Constipation is an almost universal problem. It is invariably the direct result of improper diet and irrational habits of life. Given proper muscular activity, a natural diet and a sufficiency of water, constipation would be a rare condition.
What then is the victim of this stubborn and chronic complaint to do about it? The first thing is to revise the diet, using natural foods and especially a considerable amount of fruit and raw green salads. White bread is probably the greatest enemy of the constipation victim. An immediate change to whole-wheat, or graham, flour and such whole-grain cereals as oatmeal and shredded wheat will be helpful. Rice, tapioca and spaghetti are likewise constipating. Macaroni, or spaghetti, with cheese, is particularly so, but when spaghetti and macaroni are served in the Italian style, with a plentiful sauce made of olive oil, tomatoes and onions, this objection is practically eliminated.

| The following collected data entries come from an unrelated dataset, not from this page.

Lemma wvar_split X Y :
  (forall Z, \sum_i w i * dotv (row i Y - M i Y) (M i Z) = 0) ->
  wvar X = wvar Y + 2 * \sum_i w i * dotv (row i Y - M i Y) (row i X - row i Y)
           + wvar (X - Y).
Proof.
move=> orthY.
have devE i : row i X - M i X = (row i Y - M i Y) + (row i (X - Y) - M i (X - Y)).
  by rewrite MB; apply/rowP => l; rewrite !mxE; ring.
rewrite /wvar mulr_sumr -!big_split /=.
transitivity (\sum_i (w i * sqnv (row i Y - M i Y)
    + 2 * (w i * dotv (row i Y - M i Y) (row i X - row i Y))
    + w i * sqnv (row i (X - Y) - M i (X - Y)))
  - 2 * \sum_i w i * dotv (row i Y - M i Y) (M i (X - Y))); last by rewrite orthY mulr0 subr0.
rewrite mulr_sumr -sumrB; apply: eq_bigr => i _.
by rewrite devE sqnvD dotvBr linearB; ring.
Qed.

Lemma wvarZ (a : R) Z : wvar (a *: Z) = a ^+ 2 * wvar Z.
Proof.
rewrite /wvar mulr_sumr; apply: eq_bigr => i _.
by rewrite MZ linearZ -scalerBr sqnvZ mulrCA.
Qed.

Lemma derive_half_wvar Y i0 l :
  (forall Z, \sum_i w i * dotv (row i Y - M i Y) (M i Z) = 0) ->
  'D_(delta_mx i0 l) (fun X => 2^-1 * wvar X) Y = w i0 * (row i0 Y - M i0 Y) 0 l.
Proof.
move=> orthY.
apply: (@derive_quadratic _ _ _ _ _ _ (2^-1 * wvar (delta_mx i0 l))) => h.
rewrite (wvar_split (h *: delta_mx i0 l + Y) orthY) addrK wvarZ.
under eq_bigr do rewrite linearD addrK linearZ dotvZr mulrCA.
by rewrite -mulr_sumr sum_dotv_row_delta; field.
Qed.

End WeightedVariance.

Lemma prod_two_supp (R : realType) (I : finType) (a b : I) (G : I -> R) : a != b ->
  (forall t, t != a -> t != b -> G t = 1) -> \prod_t G t = G a * G b.
Proof.
move=> ab G1; rewrite (bigD1 a) //= (bigD1 b) /=; last by rewrite eq_sym ab.
by rewrite big1 ?mulr1 // => t /andP [ta tb]; exact: G1.
Qed.

Section Sampling.
Variables (R : realType) (k : nat) (p0 : R) (p : 'I_k -> R).

Definition bern_mass (t : 'I_k.+1) (b : bool) : R :=
  match unlift ord0 t with
  | None => if b then p0 else 1 - p0
  | Some j => if b then p j else 1 - p j
  end.

Lemma xi_probE (xi : {ffun 'I_k.+1 -> bool}) : xi_prob p0 p xi = \prod_t bern_mass t (xi t).
Proof.
rewrite /xi_prob big_ord_recl /bern_mass unlift_none; congr (_ * _).
by apply: eq_bigr => j _; rewrite liftK.
Qed.

Lemma xi_prob_pair (j : 'I_k) (b0 b1 : bool) :
  \sum_(xi : {ffun 'I_k.+1 -> bool})
     xi_prob p0 p xi * ((xi ord0 == b0) && (xi (lift ord0 j) == b1))%:R
  = bern_mass ord0 b0 * bern_mass (lift ord0 j) b1.
Proof.
set J := lift ord0 j; have J0 : ord0 != J by exact: neq_lift.
pose F (t : 'I_k.+1) (b : bool) := bern_mass t b *
   (if t == ord0 then (b == b0)%:R else if t == J then (b == b1)%:R else 1).
transitivity (\sum_(xi : {ffun 'I_k.+1 -> bool}) \prod_t F t (xi t)).
  apply: eq_bigr => xi _; rewrite xi_probE /F big_split /=; congr (_ * _).
  rewrite (prod_two_supp J0); last by move=> t /negbTE -> /negbTE ->.
  by rewrite eqxx [J == ord0]eq_sym (negbTE J0) eqxx -natrM mulnb.
rewrite -(bigA_distr_bigA F) (prod_two_supp J0); last first.
  move=> t ta tb; rewrite big_bool /F (negbTE ta) (negbTE tb) !mulr1 /bern_mass.
  case: (unliftP ord0 t) => [j' _|tE]; first by rewrite /= addrC subrK.
  by rewrite tE eqxx in ta.
rewrite !big_bool /F eqxx [J == ord0]eq_sym (negbTE J0) eqxx /=.
by clear F; case: b0; case: b1; rewrite /= ?mulr1 ?mulr0 ?addr0 ?add0r.
Qed.

Lemma expect_xi_pair (j : 'I_k) (h : bool -> bool -> R) :
  \sum_(xi : {ffun 'I_k.+1 -> bool}) xi_prob p0 p xi * h (xi ord0) (xi (lift ord0 j))
  = p0 * (p j * h true true + (1 - p j) * h true false)
    + (1 - p0) * (p j * h false true + (1 - p j) * h false false).
Proof.
have hE (xi : {ffun 'I_k.+1 -> bool}) : h (xi ord0) (xi (lift ord0 j)) =
    \sum_(b0 : bool) \sum_(b1 : bool)
       h b0 b1 * ((xi ord0 == b0) && (xi (lift ord0 j) == b1))%:R.
  rewrite !big_bool.
  by case: (xi ord0); case: (xi (lift ord0 j)); rewrite /= ?mulr1 ?mulr0 ?addr0 ?add0r.
transitivity (\sum_(b0 : bool) \sum_(b1 : bool)
    h b0 b1 * (bern_mass ord0 b0 * bern_mass (lift ord0 j) b1)); last first.
  by rewrite !big_bool /bern_mass unlift_none liftK /=; ring.
under eq_bigr do rewrite hE mulr_sumr; rewrite exchange_big /=; apply: eq_bigr => b0 _.
under eq_bigr do rewrite mulr_sumr; rewrite exchange_big /=; apply: eq_bigr => b1 _.
by rewrite -xi_prob_pair mulr_sumr; apply: eq_bigr => xi _; ring.
Qed.

End Sampling.

(* With tau = p0 / D the server contribution 4 tau^2 / p0 and the cluster
   contribution 2 (1 - tau)^2 / ((1 - p0) pj) to the coefficient of |b|^2
   add up to exactly 4 / D. *)
Lemma oracle_row_young (R : realType) d (p0 pj tau D : R) (a a' b b' g g' : 'rV[R]_d) :
  0 < p0 < 1 -> 0 < pj < 1 -> D = p0 + 2 * (1 - p0) * pj -> tau = p0 / D ->
  p0 * sqnv (p0^-1 *: ((a + a') + tau *: (b + b')))
  + (1 - p0) * pj * sqnv (((1 - tau) / ((1 - p0) * pj)) *: (b + b'))
  + (1 - p0) * (1 - pj) * sqnv (((1 - p0) * (1 - pj))^-1 *: g)
  <= 2 * (2 / p0 * sqnv a + 2 / D * sqnv b + (1 - p0)^-1 * (1 - pj)^-1 * sqnv (g - g'))
   + 2 * (2 / p0 * sqnv a' + 2 / D * sqnv b' + (1 - p0)^-1 * (1 - pj)^-1 * sqnv g').
Proof.
move=> /andP [p0_gt0 p0_lt1] /andP [pj_gt0 pj_lt1] DE tauE.
have q0 : 0 < 1 - p0 by rewrite subr_gt0.
have qj : 0 < 1 - pj by rewrite subr_gt0.
have D_gt0 : 0 < D by rewrite DE addr_gt0 // !mulr_gt0.
have server : sqnv ((a + a') + tau *: (b + b')) <=
    2 * (2 * sqnv a + 2 * (tau ^+ 2 * sqnv b)) + 2 * (2 * sqnv a' + 2 * (tau ^+ 2 * sqnv b')).
  rewrite scalerDr addrACA; apply: (le_trans (sqnvD_le _ _)).
  have := sqnvD_le a (tau *: b); have := sqnvD_le a' (tau *: b'); rewrite !sqnvZ; lra.
have cluster := sqnvD_le b b'.
have local : sqnv g <= 2 * sqnv (g - g') + 2 * sqnv g'.
  by have := sqnvD_le (g - g') g'; rewrite subrK.
rewrite !sqnvZ; set cV := (1 - tau) / ((1 - p0) * pj).
have K1 : p0 * (p0^-1 ^+ 2 * sqnv (a + a' + tau *: (b + b'))) <= p0^-1 *
    (2 * (2 * sqnv a + 2 * (tau ^+ 2 * sqnv b)) + 2 * (2 * sqnv a' + 2 * (tau ^+ 2 * sqnv b'))).
  rewrite (_ : _ * (_ * _) = p0^-1 * sqnv (a + a' + tau *: (b + b'))); last first.
    by field; rewrite gt_eqF.
  by rewrite ler_wpM2l // invr_ge0 ltW.
have K2 : (1 - p0) * pj * (cV ^+ 2 * sqnv (b + b'))
          <= ((1 - p0) * pj * cV ^+ 2) * (2 * sqnv b + 2 * sqnv b').
  rewrite mulrA ler_wpM2l //.
  by apply: mulr_ge0; [apply: mulr_ge0; apply: ltW | exact: sqr_ge0].
have K3 : (1 - p0) * (1 - pj) * (((1 - p0) * (1 - pj))^-1 ^+ 2 * sqnv g)
          <= ((1 - p0)^-1 * (1 - pj)^-1) * (2 * sqnv (g - g') + 2 * sqnv g').
  rewrite (_ : _ * (_ * sqnv g) = (1 - p0)^-1 * (1 - pj)^-1 * sqnv g); last first.
    by field; rewrite !gt_eqF.
  by rewrite ler_wpM2l // mulr_ge0 // invr_ge0 ltW.
have coefE : p0^-1 * (2 * (2 * sqnv a + 2 * (tau ^+ 2 * sqnv b))
                      + 2 * (2 * sqnv a' + 2 * (tau ^+ 2 * sqnv b')))
   + ((1 - p0) * pj * cV ^+ 2) * (2 * sqnv b + 2 * sqnv b')
   + ((1 - p0)^-1 * (1 - pj)^-1) * (2 * sqnv (g - g') + 2 * sqnv g')
   = 2 * (2 / p0 * sqnv a + 2 / D * sqnv b + (1 - p0)^-1 * (1 - pj)^-1 * sqnv (g - g'))
   + 2 * (2 / p0 * sqnv a' + 2 / D * sqnv b' + (1 - p0)^-1 * (1 - pj)^-1 * sqnv g').
  by rewrite /cV tauE DE; field; rewrite -DE !gt_eqF ?mulr_gt0.
lra.
Qed.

The drinking of a sufficient amount of water is an important factor in preventing constipation. The hot water suggested earlier in the chapter is very effective indeed. Laxatives or cathartics should never be used because of the detrimental after effects. They tend to make the condition more stubborn. An enema should be used when necessary, although even an enema should be regarded as an emergency treatment. The refined mineral oil, which is sometimes known as Russian oil, and sometimes as liquid petrolatum, offers a very satisfactory means of relief and prevention. It is not assimilated, and serves merely as a lubricant.
The condition of the alimentary canal is such an important factor in the preservation of health that the above suggestions should he very carefully studied and assiduously followed. Keep at peace with your stomach and avoid constipation, and you will have little or no trouble in building up that condition of vigorous health which is conducive to the strength of your eyes.